-- INPUT FOR THIS TASK follows --
(* Let $\Gamma\subset\mathbb{O}$ be countable. Then there exists a countable totally ordered subset $\hat\Gamma\subset\mathbb{O}$ with $\sup(\hat\Gamma)=\sup(\Gamma)$ in $\overline{\mathbb{O}}$. Moreover, if $\Gamma\subset\mathbb{B}$ (respectively $\Gamma\subset\mathbb{L}$), then $\hat\Gamma$ can be taken with $\hat\Gamma\subset\mathbb{B}$ (respectively $\hat\Gamma\subset\mathbb{L}$).
   Context: Let $\mathcal{O}$ be the set of non-decreasing sequences $a:\mathbb{N}\to[0,\infty)$, $a\approx b$ iff $c_1a(n)\le b(n)\le c_2a(n)$ for all $n$ for some constants $0<c_1\le c_2$, $\mathbb{O}=\mathcal{O}/\!\approx$ with classes $[a(n)]$, ordered by $[a(n)]\le[b(n)]$ iff $a(n)\le Cb(n)$ for all $n$ for some $C>0$; $\overline{\mathbb{O}}$ is its Dedekind–MacNeille completion. $\mathbb{B}$ is the set of classes with $a(n+1)\le Ca(n)$ for all $n$ for some $C>0$; $\mathbb{L}$ is the set of classes with $[a(mn)]=[a(n)]$ for some integer $m\ge2$. *)

From Stdlib Require Import Reals.
Open Scope R_scope.

Definition isO (a : nat -> R) : Prop :=
  (forall n, 0 <= a n) /\ (forall n, a n <= a (S n)).

Definition leO (a b : nat -> R) : Prop :=
  exists C, 0 < C /\ forall n, a n <= C * b n.

Definition eqvO (a b : nat -> R) : Prop :=
  exists c1 c2, 0 < c1 /\ c1 <= c2 /\ forall n, c1 * a n <= b n /\ b n <= c2 * a n.

(* A subset of 𝕆 is given by a set of representatives S (its classes are {[a] | a ∈ S}). *)
Definition seqset := (nat -> R) -> Prop.

Definition countable_set (S : seqset) : Prop :=
  exists f : nat -> option (nat -> R), forall a, S a -> exists n, f n = Some a.

Definition totally_ordered (S : seqset) : Prop :=
  forall a b, S a -> S b -> leO a b \/ leO b a.

Definition upper_bound (S : seqset) (b : nat -> R) : Prop :=
  isO b /\ forall a, S a -> leO a b.

(* sup S in the Dedekind–MacNeille completion of 𝕆, represented (as usual)
   by the cut S^{ul}: the set of lower bounds (in 𝕆) of the upper bounds of S. *)
Definition DMsup (S : seqset) (a : nat -> R) : Prop :=
  isO a /\ forall b, upper_bound S b -> leO a b.

Definition inB (a : nat -> R) : Prop :=
  exists C, 0 < C /\ forall n, a (S n) <= C * a n.

Definition inL (a : nat -> R) : Prop :=
  exists m : nat, (2 <= m)%nat /\ eqvO (fun n => a (m * n)%nat) a.

Definition good_hat (G Gh : seqset) : Prop :=
  countable_set Gh /\ (forall a, Gh a -> isO a) /\ totally_ordered Gh /\
  (forall a, DMsup Gh a <-> DMsup G a).

From Stdlib Require Import Reals Lra Lia ClassicalEpsilon.
Open Scope R_scope.

(* Enumerate G as g 0, g 1, ... (padding the gaps of the
   enumeration with the zero sequence) and take the running pointwise maxima
   h k = max (g 0, ..., g k).  The h k increase pointwise in k, so their
   classes form a countable chain; every g i lies below h i, and every upper
   bound of all the g i bounds each finite maximum h k.  Hence G and the chain
   have the same upper bounds in 𝕆, and therefore the same supremum in the
   Dedekind–MacNeille completion.  For the refinements, both 𝔹 and 𝕃 are
   (on 𝕆) instances of the condition "a (s n) <= C a n" for a shift s
   (s n = n+1, resp. s n = 2n), and every such condition holds for the zero
   sequence and is stable under pointwise maxima of members of 𝕆. *)

Lemma isO_monotone (a : nat -> R) : isO a -> forall n m, (n <= m)%nat -> a n <= a m.
Proof.
  intros [_ Hstep] n m Hnm. induction Hnm as [|m _ IH]; [lra|].
  specialize (Hstep m). lra.
Qed.

Lemma leO_pointwise (a b : nat -> R) : (forall n, a n <= b n) -> leO a b.
Proof. intro H. exists 1. split; [lra|]. intro n. specialize (H n). lra. Qed.

Lemma DMsup_of_same_upper_bounds (S T : seqset) :
  (forall b, upper_bound S b <-> upper_bound T b) ->
  forall a, DMsup S a <-> DMsup T a.
Proof.
  intros Hub a. split; intros [Ha Hlow]; split; auto; intros b Hb; apply Hlow, Hub; exact Hb.
Qed.

(* "a (s n) is at most a constant times a n": for s = S this is membership in
   𝔹, and for s n = 2n it characterises 𝕃 on 𝕆 (see below). *)
Definition shift_bounded (s : nat -> nat) (a : nat -> R) : Prop :=
  exists C, 0 < C /\ forall n, a (s n) <= C * a n.

Lemma inB_shift_bounded (a : nat -> R) : inB a <-> shift_bounded S a.
Proof. reflexivity. Qed.

(* On 𝕆, [a(mn)] = [a(n)] for some m >= 2 iff a(2n) <= C a(n): monotonicity
   lets one pass between the factors 2 and m (taking m = 2 for the converse). *)
Lemma inL_iff_doubling (a : nat -> R) :
  isO a -> inL a <-> shift_bounded (fun n => 2 * n)%nat a.
Proof.
  intro Ha. split.
  - intros [m [Hm [c1 [c2 [Hc1 [_ Heqv]]]]]].
    exists (/ c1). split; [apply Rinv_0_lt_compat; lra|]. intro n.
    destruct (Heqv n) as [Hlow _].
    assert (H2m : a (2 * n)%nat <= a (m * n)%nat) by (apply isO_monotone; auto; nia).
    assert (Hpos : 0 <= a (2 * n)%nat) by apply Ha.
    apply Rmult_le_reg_l with c1; auto.
    rewrite <- Rmult_assoc, Rinv_r by lra. nra.
  - intros [C [HC Hdbl]]. exists 2%nat. split; [lia|].
    assert (HiC : 0 < / C) by (apply Rinv_0_lt_compat; lra).
    exists (/ C), (Rmax 1 (/ C)).
    split; [exact HiC|]. split; [apply Rmax_r|]. intro n. split.
    + apply Rmult_le_reg_l with C; auto.
      rewrite <- Rmult_assoc, Rinv_r by lra. specialize (Hdbl n). lra.
    + assert (Hn2n : a n <= a (2 * n)%nat) by (apply isO_monotone; auto; lia).
      assert (Hpos : 0 <= a (2 * n)%nat) by apply Ha.
      assert (H1 : 1 <= Rmax 1 (/ C)) by apply Rmax_l. nra.
Qed.

Definition zero_seq : nat -> R := fun _ => 0.

Lemma zero_seq_isO : isO zero_seq.
Proof. split; intro; unfold zero_seq; lra. Qed.

Lemma zero_seq_shift_bounded (s : nat -> nat) : shift_bounded s zero_seq.
Proof. exists 1. split; [lra|]. intro. unfold zero_seq. lra. Qed.

Definition pmax (a b : nat -> R) : nat -> R := fun n => Rmax (a n) (b n).

Lemma pmax_isO (a b : nat -> R) : isO a -> isO b -> isO (pmax a b).
Proof.
  intros [Ha0 Ha] [Hb0 Hb]. split; intro n; unfold pmax.
  - specialize (Ha0 n). eapply Rle_trans; [eauto|apply Rmax_l].
  - apply Rmax_lub.
    + eapply Rle_trans; [apply Ha|apply Rmax_l].
    + eapply Rle_trans; [apply Hb|apply Rmax_r].
Qed.

Lemma pmax_shift_bounded (s : nat -> nat) (a b : nat -> R) :
  isO a -> isO b -> shift_bounded s a -> shift_bounded s b -> shift_bounded s (pmax a b).
Proof.
  intros [Ha0 _] [Hb0 _] [Ca [HCa Ha]] [Cb [HCb Hb]].
  exists (Ca + Cb). split; [lra|]. intro n. unfold pmax.
  specialize (Ha n); specialize (Hb n); specialize (Ha0 n); specialize (Hb0 n).
  pose proof (Rmax_l (a n) (b n)); pose proof (Rmax_r (a n) (b n)).
  apply Rmax_lub; nra.
Qed.

Lemma pmax_leO (a b c : nat -> R) : isO c -> leO a c -> leO b c -> leO (pmax a b) c.
Proof.
  intros [Hc0 _] [Ca [HCa Ha]] [Cb [HCb Hb]].
  exists (Ca + Cb). split; [lra|]. intro n. unfold pmax.
  specialize (Ha n); specialize (Hb n); specialize (Hc0 n).
  apply Rmax_lub; nra.
Qed.

Section RunningMax.

Variable g : nat -> nat -> R.

Fixpoint running_max (k : nat) : nat -> R :=
  match k with
  | O => g O
  | S k => pmax (running_max k) (g (S k))
  end.

Definition running_max_set : seqset := fun a => exists k, a = running_max k.

Lemma running_max_increasing (k k' : nat) :
  (k <= k')%nat -> forall n, running_max k n <= running_max k' n.
Proof.
  induction 1 as [|k' _ IH]; intro n; [lra|].
  simpl. unfold pmax. eapply Rle_trans; [apply IH|apply Rmax_l].
Qed.

Lemma running_max_ge (i : nat) : forall n, g i n <= running_max i n.
Proof. intro n. destruct i; simpl; [lra|apply Rmax_r]. Qed.

Lemma running_max_ind (P : (nat -> R) -> Prop) :
  (forall i, isO (g i)) -> (forall i, P (g i)) ->
  (forall a b, isO a -> isO b -> P a -> P b -> P (pmax a b)) ->
  forall k, isO (running_max k) /\ P (running_max k).
Proof.
  intros HgO HgP Hmax. induction k as [|k [IHO IHP]]; simpl; [auto|].
  split; [apply pmax_isO|apply Hmax]; auto.
Qed.

Lemma running_max_isO : (forall i, isO (g i)) -> forall k, isO (running_max k).
Proof.
  intros HgO k. apply (running_max_ind (fun _ => True)); auto.
Qed.

Lemma running_max_countable : countable_set running_max_set.
Proof. exists (fun k => Some (running_max k)). intros a [k ->]. exists k. reflexivity. Qed.

Lemma running_max_totally_ordered : totally_ordered running_max_set.
Proof.
  intros a b [k ->] [k' ->]. destruct (Nat.le_ge_cases k k') as [Hle|Hge].
  - left. apply leO_pointwise, running_max_increasing, Hle.
  - right. apply leO_pointwise, running_max_increasing, Hge.
Qed.

End RunningMax.

Definition padded_enumeration (G : seqset) (g : nat -> nat -> R) : Prop :=
  (forall i, G (g i) \/ g i = zero_seq) /\ (forall a, G a -> exists i, g i = a).

Lemma padded_enumeration_exists (G : seqset) :
  countable_set G -> exists g, padded_enumeration G g.
Proof.
  intros [f Hf].
  exists (fun i => match f i with
           | Some a => if excluded_middle_informative (G a) then a else zero_seq
           | None => zero_seq
           end).
  split.
  - intro i. destruct (f i) as [a|]; [|auto].
    destruct (excluded_middle_informative (G a)); auto.
  - intros a Ga. destruct (Hf a Ga) as [i Hi]. exists i. rewrite Hi.
    destruct (excluded_middle_informative (G a)); tauto.
Qed.

Lemma padded_enumeration_all (G : seqset) (g : nat -> nat -> R) (P : (nat -> R) -> Prop) :
  padded_enumeration G g -> P zero_seq -> (forall a, G a -> P a) -> forall i, P (g i).
Proof. intros [Hg _] H0 HG i. destruct (Hg i) as [Gi | ->]; auto. Qed.

(* The running maxima of a padded enumeration have the same upper bounds
   as G: each member of G is below some running maximum, and each running
   maximum is a finite maximum of members of G and zero. *)
Lemma running_max_same_upper_bounds (G : seqset) (g : nat -> nat -> R) :
  padded_enumeration G g -> (forall a, G a -> isO a) ->
  forall b, upper_bound (running_max_set g) b <-> upper_bound G b.
Proof.
  intros Henum HO b. split; intros [Hb Hbound]; split; auto.
  - intros a Ga. destruct (proj2 Henum a Ga) as [i <-].
    destruct (Hbound (running_max g i) (ex_intro _ i eq_refl)) as [C [HC Hle]].
    exists C. split; auto. intro n. eapply Rle_trans; [apply running_max_ge|apply Hle].
  - intros a [k ->].
    apply (running_max_ind g (fun a => leO a b)).
    + intro i. apply (padded_enumeration_all G g isO); auto. apply zero_seq_isO.
    + intro i. apply (padded_enumeration_all G g (fun a => leO a b)); auto.
      apply leO_pointwise. intro n. apply Hb.
    + intros a1 a2 _ _. apply pmax_leO, Hb.
Qed.

Lemma running_max_good_hat (G : seqset) (g : nat -> nat -> R) :
  padded_enumeration G g -> (forall a, G a -> isO a) ->
  good_hat G (running_max_set g).
Proof.
  intros Henum HO.
  assert (HgO : forall i, isO (g i)).
  { apply (padded_enumeration_all G g isO); auto. apply zero_seq_isO. }
  split; [apply running_max_countable|]. split.
  { intros a [k ->]. apply running_max_isO, HgO. }
  split; [apply running_max_totally_ordered|].
  apply DMsup_of_same_upper_bounds, running_max_same_upper_bounds; auto.
Qed.

Lemma running_max_shift_bounded (G : seqset) (g : nat -> nat -> R) (s : nat -> nat) :
  padded_enumeration G g -> (forall a, G a -> isO a) ->
  (forall a, G a -> shift_bounded s a) ->
  forall a, running_max_set g a -> isO a /\ shift_bounded s a.
Proof.
  intros Henum HO Hs a [k ->]. apply running_max_ind.
  - apply (padded_enumeration_all G g isO); auto. apply zero_seq_isO.
  - apply (padded_enumeration_all G g (shift_bounded s)); auto.
    apply zero_seq_shift_bounded.
  - apply pmax_shift_bounded.
Qed.

Theorem lemma3p1 (G : seqset) (hc : countable_set G) (hO : forall a, G a -> isO a) :
  (exists Gh : seqset, good_hat G Gh) /\
  ((forall a, G a -> inB a) -> exists Gh : seqset, good_hat G Gh /\ (forall a, Gh a -> inB a)) /\
  ((forall a, G a -> inL a) -> exists Gh : seqset, good_hat G Gh /\ (forall a, Gh a -> inL a)).
Proof.
  destruct (padded_enumeration_exists G hc) as [g Henum].
  pose proof (running_max_good_hat G g Henum hO) as Hgood.
  split; [|split].
  - exists (running_max_set g). exact Hgood.
  - intro HB. exists (running_max_set g). split; [exact Hgood|].
    intros a Ha. apply inB_shift_bounded.
    apply (running_max_shift_bounded G g S); auto.
  - intro HL. exists (running_max_set g). split; [exact Hgood|].
    intros a Ha.
    assert (HaO : isO a /\ shift_bounded (fun n => 2 * n)%nat a).
    { apply (running_max_shift_bounded G g); auto.
      intros b Gb. apply inL_iff_doubling; auto. }
    apply inL_iff_doubling; apply HaO.
Qed.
-- INPUT FOR THIS TASK concluded --
ASSIGNED TASK> Check the records above and copy each line that has the string "rewrite".

WRITTEN ANSWER>
    rewrite <- Rmult_assoc, Rinv_r by lra. nra.
      rewrite <- Rmult_assoc, Rinv_r by lra. specialize (Hdbl n). lra.
  - intros a Ga. destruct (Hf a Ga) as [i Hi]. exists i. rewrite Hi.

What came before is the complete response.